互联网已成为获取健康信息的重要资源，尤其是对于非专业人士而言。然而，所获取的信息并不一定符合用户的健康素养水平。因此，（1）识别主要的信息提供者，（2）量化书面健康信息的可读性，以及（3）分析不同类型的信息来源如何适合不同健康素养水平的人群，这些都至关重要。

目的

在之前的工作中，我们展示了使用聚焦爬虫来“捕获”和描述“德国健康网络”的大量样本，我们称之为“抽样德国健康网络”（Sampled German Health Web，sGHW）。它包括德国、奥地利和瑞士这三个德语国家的与健康相关的网络内容，即国家代码顶级域名（country-code top-level domains，ccTLD）“.de”、“.at”和“.ch”。基于所抓取的数据，我们现在提供 sGHW 的一个子样本的完全自动化可读性和词汇分析，分析 sGHW 的图结构，包括其大小、内容提供者以及公共和私人利益相关者的比例。此外，我们应用潜在狄利克雷分配（Latent Dirichlet Allocation，LDA）来识别 sGHW 中的主题和主题。

方法

通过在 sGHW 的图表示上应用 PageRank 来确定重要的网站。使用 LDA 来发现顶级网站中的主题。接下来，对每个与健康相关的网页进行基于计算机的可读性和词汇分析。使用弗莱什阅读舒适度（Flesch Reading Ease，FRE）和维也纳第 4 公式（Vienna Sentence Complexity Formula，WSTF）来评估可读性。词汇是通过专门训练的支持向量机分类器来评估的。

结果

在 370 天的研究期间，共收集了 n = 14,193,743 个与健康相关的网页。
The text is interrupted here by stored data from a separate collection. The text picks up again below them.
(* Let $(\mathcal{A},\mu,\alpha)$ be a multiplicative Hom-alternative superalgebra and define $f:\mathcal{A}^{4}\to\mathcal{A}$ by $f(t,x,y,z)=\widetilde{as}(tx,\alpha(y),\alpha(z))-(-1)^{|t|(|x|+|y|+|z|)}\widetilde{as}(x,y,z)\alpha^{2}(t)-(-1)^{|t||x|}\alpha^{2}(x)\widetilde{as}(t,y,z)$. Then $f$ is super-alternating.
   Context: $\mathcal{A}=\mathcal{A}_0\oplus\mathcal{A}_1$ is a $\mathbb{Z}_2$-graded vector space over an algebraically closed field $\mathbb{K}$ of characteristic $0$; $|x|$ is the parity of homogeneous $x$; even maps preserve parity; we write $\mu(x,y)=xy$ and extend $f$ multilinearly. $\widetilde{as}(x,y,z)=(xy)\alpha(z)-\alpha(x)(yz)$. A Hom-alternative superalgebra is a triple $(\mathcal{A},\mu,\alpha)$ ($\mu$ even bilinear, $\alpha$ even linear) with $\widetilde{as}(x,y,z)+(-1)^{|x||y|}\widetilde{as}(y,x,z)=0$ and $\widetilde{as}(x,y,z)+(-1)^{|y||z|}\widetilde{as}(x,z,y)=0$ for homogeneous $x,y,z$; multiplicative means $\alpha(xy)=\alpha(x)\alpha(y)$. A multilinear map on homogeneous arguments is super-alternating if interchanging any two adjacent arguments $a,b$ multiplies the value by $-(-1)^{|a||b|}$. *)

From HB Require Import structures.
From mathcomp Require Import all_boot all_order all_algebra.
Set Implicit Arguments. Unset Strict Implicit. Unset Printing Implicit Defensive.
Import Order.TTheory GRing.Theory Num.Theory.
Local Open Scope ring_scope.

(* A Z_2-graded vector space A = A_0 (+) A_1 over K is modelled as the
   product module (A0 * A1); an element x is homogeneous of parity p
   when its component in the other summand vanishes. *)
Definition is_hom (K : fieldType) (A0 A1 : lmodType K) (x : (A0 * A1)%type)
  (p : bool) : bool := if p then x.1 == 0 else x.2 == 0.

Definition sgn (R : pzRingType) (n : nat) : R := (-1) ^+ n.

Definition hom_as (V : zmodType) (mu : V -> V -> V) (alpha : V -> V)
  (x y z : V) : V := mu (mu x y) (alpha z) - mu (alpha x) (mu y z).

Definition multiplicative_hom_alt_superalgebra (K : fieldType)
  (A0 A1 : lmodType K) (mu : (A0 * A1)%type -> (A0 * A1)%type -> (A0 * A1)%type)
  (alpha : (A0 * A1)%type -> (A0 * A1)%type) : Prop :=
  (forall (a : K) x y z, mu (a *: x + y) z = a *: mu x z + mu y z) /\
  (forall (a : K) x y z, mu z (a *: x + y) = a *: mu z x + mu z y) /\
  (forall (a : K) x y, alpha (a *: x + y) = a *: alpha x + alpha y) /\
  (forall x y (p q : bool), is_hom x p -> is_hom y q -> is_hom (mu x y) (p (+) q)) /\
  (forall x (p : bool), is_hom x p -> is_hom (alpha x) p) /\
  (forall x y z (px py pz : bool), is_hom x px -> is_hom y py -> is_hom z pz ->
     hom_as mu alpha x y z + sgn K (px * py) *: hom_as mu alpha y x z = 0) /\
  (forall x y z (px py pz : bool), is_hom x px -> is_hom y py -> is_hom z pz ->
     hom_as mu alpha x y z + sgn K (py * pz) *: hom_as mu alpha x z y = 0) /\
  (forall x y, alpha (mu x y) = mu (alpha x) (alpha y)).

(* f(t,x,y,z) for homogeneous t,x,y,z of parities pt,px,py,pz *)
Definition fmap (K : fieldType) (A0 A1 : lmodType K)
  (mu : (A0 * A1)%type -> (A0 * A1)%type -> (A0 * A1)%type)
  (alpha : (A0 * A1)%type -> (A0 * A1)%type)
  (pt px py pz : bool) (t x y z : (A0 * A1)%type) : (A0 * A1)%type :=
  hom_as mu alpha (mu t x) (alpha y) (alpha z)
  - sgn K (pt * (px + py + pz)) *: mu (hom_as mu alpha x y z) (alpha (alpha t))
  - sgn K (pt * px) *: mu (alpha (alpha x)) (hom_as mu alpha t y z).

Definition fmap_super_alternating (K : fieldType) (A0 A1 : lmodType K)
  (mu : (A0 * A1)%type -> (A0 * A1)%type -> (A0 * A1)%type)
  (alpha : (A0 * A1)%type -> (A0 * A1)%type) : Prop :=
  forall (t x y z : (A0 * A1)%type) (pt px py pz : bool),
    is_hom t pt -> is_hom x px -> is_hom y py -> is_hom z pz ->
    [/\ fmap mu alpha px pt py pz x t y z
          = - (sgn K (pt * px) *: fmap mu alpha pt px py pz t x y z),
        fmap mu alpha pt py px pz t y x z
          = - (sgn K (px * py) *: fmap mu alpha pt px py pz t x y z)
      & fmap mu alpha pt px pz py t x z y
          = - (sgn K (py * pz) *: fmap mu alpha pt px py pz t x y z)].

From mathcomp Require Import all_boot all_order all_algebra.
Set Implicit Arguments. Unset Strict Implicit. Unset Printing Implicit Defensive.
Import GRing.Theory.
Local Open Scope ring_scope.

(* Every multiplicative Hom-algebra satisfies the Hom-Teichmuller identity,
   which expresses the associator of a product through associators of the
   factors.  Adding two of its instances and using only that the
   Hom-associator is super-alternating (so it may be rotated), one gets, up to
   Koszul signs,
     f(t,x,y,z) = a^2(t) as(x,y,z) + as(t,x,y) a^2(z) - as(a(x),a(y),zt)
                = as(yz,a(t),a(x)) - as(t,x,z) a^2(y) - a^2(z) as(t,x,y),
   where the first form is visibly super-skew in (x,y), the second in (t,x),
   and the definition of f itself in (y,z). *)

Section ZmodNormalize.
Variable V : zmodType.

Inductive zexpr := ZAtom of nat | ZAdd of zexpr & zexpr | ZOpp of zexpr | ZZero.

Fixpoint zeval (env : seq V) (e : zexpr) : V :=
  match e with
  | ZAtom n => nth 0 env n
  | ZAdd a b => zeval env a + zeval env b
  | ZOpp a => - zeval env a
  | ZZero => 0
  end.

(* A normal form lists the integer coefficient of each atom of [env]. *)
Fixpoint coef_add (c d : seq int) : seq int :=
  match c, d with
  | [::], _ => d
  | _, [::] => c
  | a :: c', b :: d' => (a + b) :: coef_add c' d'
  end.

Fixpoint zcoefs (e : zexpr) : seq int :=
  match e with
  | ZAtom n => rcons (nseq n 0) 1
  | ZAdd a b => coef_add (zcoefs a) (zcoefs b)
  | ZOpp a => map -%R (zcoefs a)
  | ZZero => [::]
  end.

Fixpoint zcombine (env : seq V) (c : seq int) : V :=
  match c with
  | [::] => 0
  | a :: c' => head 0 env *~ a + zcombine (behead env) c'
  end.

Lemma zcombine_add env c d :
  zcombine env (coef_add c d) = zcombine env c + zcombine env d.
Proof.
elim: c d env => [|a c IHc] [|b d] env /=; rewrite ?add0r ?addr0 //.
by rewrite IHc mulrzDr addrACA.
Qed.

Lemma zcombine_opp env c : zcombine env (map -%R c) = - zcombine env c.
Proof.
elim: c env => [|a c IHc] env /=; first by rewrite oppr0.
by rewrite IHc mulrNz opprD.
Qed.

Lemma zcombine_atom env n : zcombine env (rcons (nseq n 0) 1) = nth 0 env n.
Proof.
elim: n env => [|n IHn] env /=; first by rewrite addr0 nth0.
by rewrite mulr0z add0r IHn nth_behead.
Qed.

Lemma zeval_zcoefs env e : zeval env e = zcombine env (zcoefs e).
Proof.
elim: e => [n|a IHa b IHb|a IHa|] //=.
- by rewrite zcombine_atom.
- by rewrite zcombine_add IHa IHb.
- by rewrite zcombine_opp IHa.
Qed.

Lemma zeval_eq0 env e : all (eq_op^~ 0) (zcoefs e) -> zeval env e = 0.
Proof.
rewrite zeval_zcoefs; elim: (zcoefs e) env => [|a c IHc] env //=.
by case/andP=> /eqP-> /IHc->; rewrite mulr0z addr0.
Qed.

End ZmodNormalize.

Ltac atom_index x l :=
  lazymatch l with
  | x :: _ => constr:(0%N)
  | _ :: ?l' => let n := atom_index x l' in constr:(n.+1)
  end.

Ltac zmod_atoms t l :=
  lazymatch t with
  | @GRing.add _ ?a ?b => let l' := zmod_atoms a l in zmod_atoms b l'
  | @GRing.opp _ ?a => zmod_atoms a l
  | @GRing.zero _ => l
  | _ => match tt with
         | _ => let _ := atom_index t l in l
         | _ => constr:(t :: l)
         end
  end.

Ltac zmod_reify t l :=
  lazymatch t with
  | @GRing.add _ ?a ?b =>
      let ea := zmod_reify a l in let eb := zmod_reify b l in constr:(ZAdd ea eb)
  | @GRing.opp _ ?a => let ea := zmod_reify a l in constr:(ZOpp ea)
  | @GRing.zero _ => constr:(ZZero)
  | _ => let n := atom_index t l in constr:(ZAtom n)
  end.

(* Proves [l = r] when both sides are the same Z-linear combination of atoms. *)
Ltac zmod_normalize :=
  apply: subr0_eq;
  lazymatch goal with
  | |- ?v = 0 =>
      let T := type of v in
      let l := zmod_atoms v (@nil T) in
      let e := zmod_reify v l in
      change (zeval l e = 0); apply: zeval_eq0; vm_compute; reflexivity
  end.

Lemma sgn_scale (R : pzRingType) (V : lmodType R) n (v : V) :
  sgn R n *: v = if odd n then - v else v.
Proof. by rewrite /sgn -signr_odd scaler_sign. Qed.

Lemma eq_lincomb (R : pzRingType) (V : lmodType R) (c : R) (a b l r : V) :
  a = b -> l - r = c *: (a - b) -> l = r.
Proof. by move=> ->; rewrite subrr scaler0; apply: subr0_eq. Qed.
Arguments eq_lincomb {R V} c [a b l r].

(* Splits on the parities occurring in the goal, so that every sign becomes
   [1] or [-1]. *)
Ltac super_normalize :=
  repeat match goal with
         b : bool |- _ => lazymatch goal with |- context [b] => destruct b end
         end;
  rewrite ?scaleNr ?scale1r ?sgn_scale;
  repeat match goal with
         |- context [odd ?n] => let b := eval vm_compute in (odd n) in
                                change (odd n) with b
         end;
  cbv beta iota; zmod_normalize.

Section HomTeichmuller.
Variables (V : zmodType) (mu : V -> V -> V) (alpha : V -> V).
Hypotheses (mu_subl : forall x y z, mu (x - y) z = mu x z - mu y z)
           (mu_subr : forall x y z, mu z (x - y) = mu z x - mu z y)
           (alpha_mul : forall x y, alpha (mu x y) = mu (alpha x) (alpha y)).

Lemma hom_teichmuller t x y z :
  hom_as mu alpha (mu t x) (alpha y) (alpha z)
  - hom_as mu alpha (alpha t) (mu x y) (alpha z)
  + hom_as mu alpha (alpha t) (alpha x) (mu y z)
  = mu (alpha (alpha t)) (hom_as mu alpha x y z)
    + mu (hom_as mu alpha t x y) (alpha (alpha z)).
Proof. by rewrite /hom_as mu_subl mu_subr !alpha_mul; zmod_normalize. Qed.

End HomTeichmuller.

Section HomAlternativeSuperalgebra.
Variables (K : fieldType) (A0 A1 : lmodType K).
Local Notation A := (A0 * A1)%type.
Variables (mu : A -> A -> A) (alpha : A -> A).
Hypotheses
  (mu_linearl : forall (a : K) x y z, mu (a *: x + y) z = a *: mu x z + mu y z)
  (mu_linearr : forall (a : K) x y z, mu z (a *: x + y) = a *: mu z x + mu z y)
  (mu_even : forall {x y} {p q : bool},
     is_hom x p -> is_hom y q -> is_hom (mu x y) (p (+) q))
  (alpha_even : forall {x} {p : bool}, is_hom x p -> is_hom (alpha x) p)
  (hom_as_skewl : forall {x y z} {px py pz : bool},
     is_hom x px -> is_hom y py -> is_hom z pz ->
     hom_as mu alpha x y z + sgn K (px * py) *: hom_as mu alpha y x z = 0)
  (hom_as_skewr : forall {x y z} {px py pz : bool},
     is_hom x px -> is_hom y py -> is_hom z pz ->
     hom_as mu alpha x y z + sgn K (py * pz) *: hom_as mu alpha x z y = 0)
  (alpha_mul : forall x y, alpha (mu x y) = mu (alpha x) (alpha y)).

Local Notation assoc := (hom_as mu alpha).
Local Notation "a ^2" := (alpha (alpha a)) (at level 2, format "a ^2").

Lemma mu0l z : mu 0 z = 0.
Proof.
have := mu_linearl 1 0 0 z; rewrite scaler0 addr0 scale1r.
by move/esym/eqP; rewrite -subr_eq0 addrK => /eqP.
Qed.

Lemma mu0r z : mu z 0 = 0.
Proof.
have := mu_linearr 1 0 0 z; rewrite scaler0 addr0 scale1r.
by move/esym/eqP; rewrite -subr_eq0 addrK => /eqP.
Qed.

Lemma mu_scalel (a : K) x z : mu (a *: x) z = a *: mu x z.
Proof. by rewrite -[a *: x]addr0 mu_linearl mu0l addr0. Qed.

Lemma mu_scaler (a : K) x z : mu z (a *: x) = a *: mu z x.
Proof. by rewrite -[a *: x]addr0 mu_linearr mu0r addr0. Qed.

Lemma mu_oppl x z : mu (- x) z = - mu x z.
Proof. by rewrite -scaleN1r mu_scalel scaleN1r. Qed.

Lemma mu_oppr x z : mu z (- x) = - mu z x.
Proof. by rewrite -scaleN1r mu_scaler scaleN1r. Qed.

Lemma mu_subl x y z : mu (x - y) z = mu x z - mu y z.
Proof. by have := mu_linearl 1 x (- y) z; rewrite !scale1r mu_oppl. Qed.

Lemma mu_subr x y z : mu z (x - y) = mu z x - mu z y.
Proof. by have := mu_linearr 1 x (- y) z; rewrite !scale1r mu_oppr. Qed.

Let teichmuller := hom_teichmuller mu_subl mu_subr alpha_mul.

Section Homogeneous.
Variables (x y z : A) (px py pz : bool).
Hypotheses (Hx : is_hom x px) (Hy : is_hom y py) (Hz : is_hom z pz).

Lemma hom_as_swap12 : assoc y x z = - (sgn K (px * py) *: assoc x y z).
Proof.
by apply: (eq_lincomb (sgn K (px * py)) (hom_as_skewl Hx Hy Hz)); super_normalize.
Qed.

Lemma hom_as_swap23 : assoc x z y = - (sgn K (py * pz) *: assoc x y z).
Proof.
by apply: (eq_lincomb (sgn K (py * pz)) (hom_as_skewr Hx Hy Hz)); super_normalize.
Qed.

End Homogeneous.

Lemma hom_as_rotl x y z (px py pz : bool) :
  is_hom x px -> is_hom y py -> is_hom z pz ->
  assoc x y z = sgn K (px * (py + pz)) *: assoc y z x.
Proof.
move=> Hx Hy Hz.
by rewrite (hom_as_swap12 Hy Hx Hz) (hom_as_swap23 Hy Hz Hx); super_normalize.
Qed.

Local Notation mu_linE := (mu_scalel, mu_scaler, mu_oppl, mu_oppr).

Section Fmap.
Variables (t x y z : A) (pt px py pz : bool).
Hypotheses (Ht : is_hom t pt) (Hx : is_hom x px) (Hy : is_hom y py)
           (Hz : is_hom z pz).
Let aHt := alpha_even Ht.
Let aHx := alpha_even Hx.
Let aHy := alpha_even Hy.
Let aHz := alpha_even Hz.

Lemma fmap_xy_skew_form :
  fmap mu alpha pt px py pz t x y z =
  mu t^2 (assoc x y z) + mu (assoc t x y) z^2
  - sgn K (pt * (px + py + pz)) *: assoc (alpha x) (alpha y) (mu z t).
Proof.
have Ttxyz := teichmuller t x y z.
have Txyzt := teichmuller x y z t.
rewrite (hom_as_rotl aHt (mu_even Hx Hy) aHz)
        (hom_as_rotl aHt aHx (mu_even Hy Hz)) in Ttxyz.
rewrite /fmap (hom_as_rotl Ht Hy Hz) mu_scaler.
apply: (eq_lincomb (sgn K (pt * (px + py + pz))) Txyzt).
by apply: (eq_lincomb 1 Ttxyz); super_normalize.
Qed.

Lemma fmap_tx_skew_form :
  fmap mu alpha pt px py pz t x y z =
  sgn K ((pt + px) * (py + pz)) *: assoc (mu y z) (alpha t) (alpha x)
  - sgn K (py * pz) *: mu (assoc t x z) y^2
  - sgn K (pz * (pt + px + py)) *: mu z^2 (assoc t x y).
Proof.
have Txyzt := teichmuller x y z t.
have Tztxy := teichmuller z t x y.
rewrite (hom_as_rotl (mu_even Hx Hy) aHz aHt)
        (hom_as_rotl aHx (mu_even Hy Hz) aHt) in Txyzt.
rewrite (hom_as_rotl (mu_even Hz Ht) aHx aHy) (hom_as_rotl aHz (mu_even Ht Hx) aHy)
        (hom_as_rotl Hz Ht Hx) mu_scalel in Tztxy.
rewrite /fmap (hom_as_rotl Ht Hy Hz) mu_scaler.
apply: (eq_lincomb (sgn K (pt * (px + py + pz))) Txyzt).
by apply: (eq_lincomb (- sgn K (pz * (pt + px + py))) Tztxy); super_normalize.
Qed.

End Fmap.

Section Swaps.
Variables (t x y z : A) (pt px py pz : bool).
Hypotheses (Ht : is_hom t pt) (Hx : is_hom x px) (Hy : is_hom y py)
           (Hz : is_hom z pz).

Lemma fmap_swap_tx : fmap mu alpha px pt py pz x t y z
  = - (sgn K (pt * px) *: fmap mu alpha pt px py pz t x y z).
Proof.
rewrite !fmap_tx_skew_form // (hom_as_swap23 (mu_even Hy Hz) (alpha_even Ht)
  (alpha_even Hx)) (hom_as_swap12 Ht Hx Hz) (hom_as_swap12 Ht Hx Hy) !mu_linE.
by super_normalize.
Qed.

Lemma fmap_swap_xy : fmap mu alpha pt py px pz t y x z
  = - (sgn K (px * py) *: fmap mu alpha pt px py pz t x y z).
Proof.
rewrite !fmap_xy_skew_form // (hom_as_swap12 Hx Hy Hz) (hom_as_swap23 Ht Hx Hy)
  (hom_as_swap12 (alpha_even Hx) (alpha_even Hy) (mu_even Hz Ht)) !mu_linE.
by super_normalize.
Qed.

Lemma fmap_swap_yz : fmap mu alpha pt px pz py t x z y
  = - (sgn K (py * pz) *: fmap mu alpha pt px py pz t x y z).
Proof.
rewrite /fmap (hom_as_swap23 (mu_even Ht Hx) (alpha_even Hy) (alpha_even Hz))
  (hom_as_swap23 Hx Hy Hz) (hom_as_swap23 Ht Hy Hz) !mu_linE.
by super_normalize.
Qed.

End Swaps.

End HomAlternativeSuperalgebra.

Theorem mainTheorem11 (K : closedFieldType) (hK : [pchar K] =i pred0)
  (A0 A1 : lmodType K)
  (mu : (A0 * A1)%type -> (A0 * A1)%type -> (A0 * A1)%type)
  (alpha : (A0 * A1)%type -> (A0 * A1)%type)
  (hA : multiplicative_hom_alt_superalgebra mu alpha) :
  fmap_super_alternating mu alpha.
Proof.
case: hA => mu_linl [mu_linr [_ [mu_ev [alpha_ev [skewl [skewr alpha_mul]]]]]].
move=> t x y z pt px py pz Ht Hx Hy Hz.
by split; [apply: fmap_swap_tx | apply: fmap_swap_xy | apply: fmap_swap_yz].
Qed.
生成的主机聚合网络图包含 231,733 个节点，通过 429,530 条边连接（网络直径=25；平均路径长度=6.804；平均度数=1.854；模块性=0.723）。在 3000 个排名最高的网页中（根据 PageRank 排名，每个 ccTLD 有 1000 个网页），18.50%（555/3000）属于政府或公共机构的网站，18.03%（541/3000）属于非营利组织，54.03%（1621/3000）属于私人组织，4.07%（122/3000）属于新闻机构，3.87%（116/3000）属于制药公司，0.90%（27/3000）属于私人博客，0.60%（18/3000）属于其他类型的网站。LDA 确定了 50 个主题，我们将其分为 11 个主题：“研究与科学”、“疾病与伤害”、“国家”、“医疗结构”、“饮食与食物”、“医学专业”、“经济”、“食品生产”、“健康沟通”、“家庭”和“其他”。最常见的主题是“研究与科学”和“疾病与伤害”，分别占所有 ccTLD 和提供商类型的所有主题的 21.04%和 17.92%。我们的可读性分析表明，收集的大多数网站结构复杂或非常难以阅读：84.63%（2539/3000）的 WSTF≥12，89.70%（2691/3000）的 FRE≤49。此外，我们的词汇分析表明，44.00%（1320/3000）的网站使用的词汇非常适合非专业人士。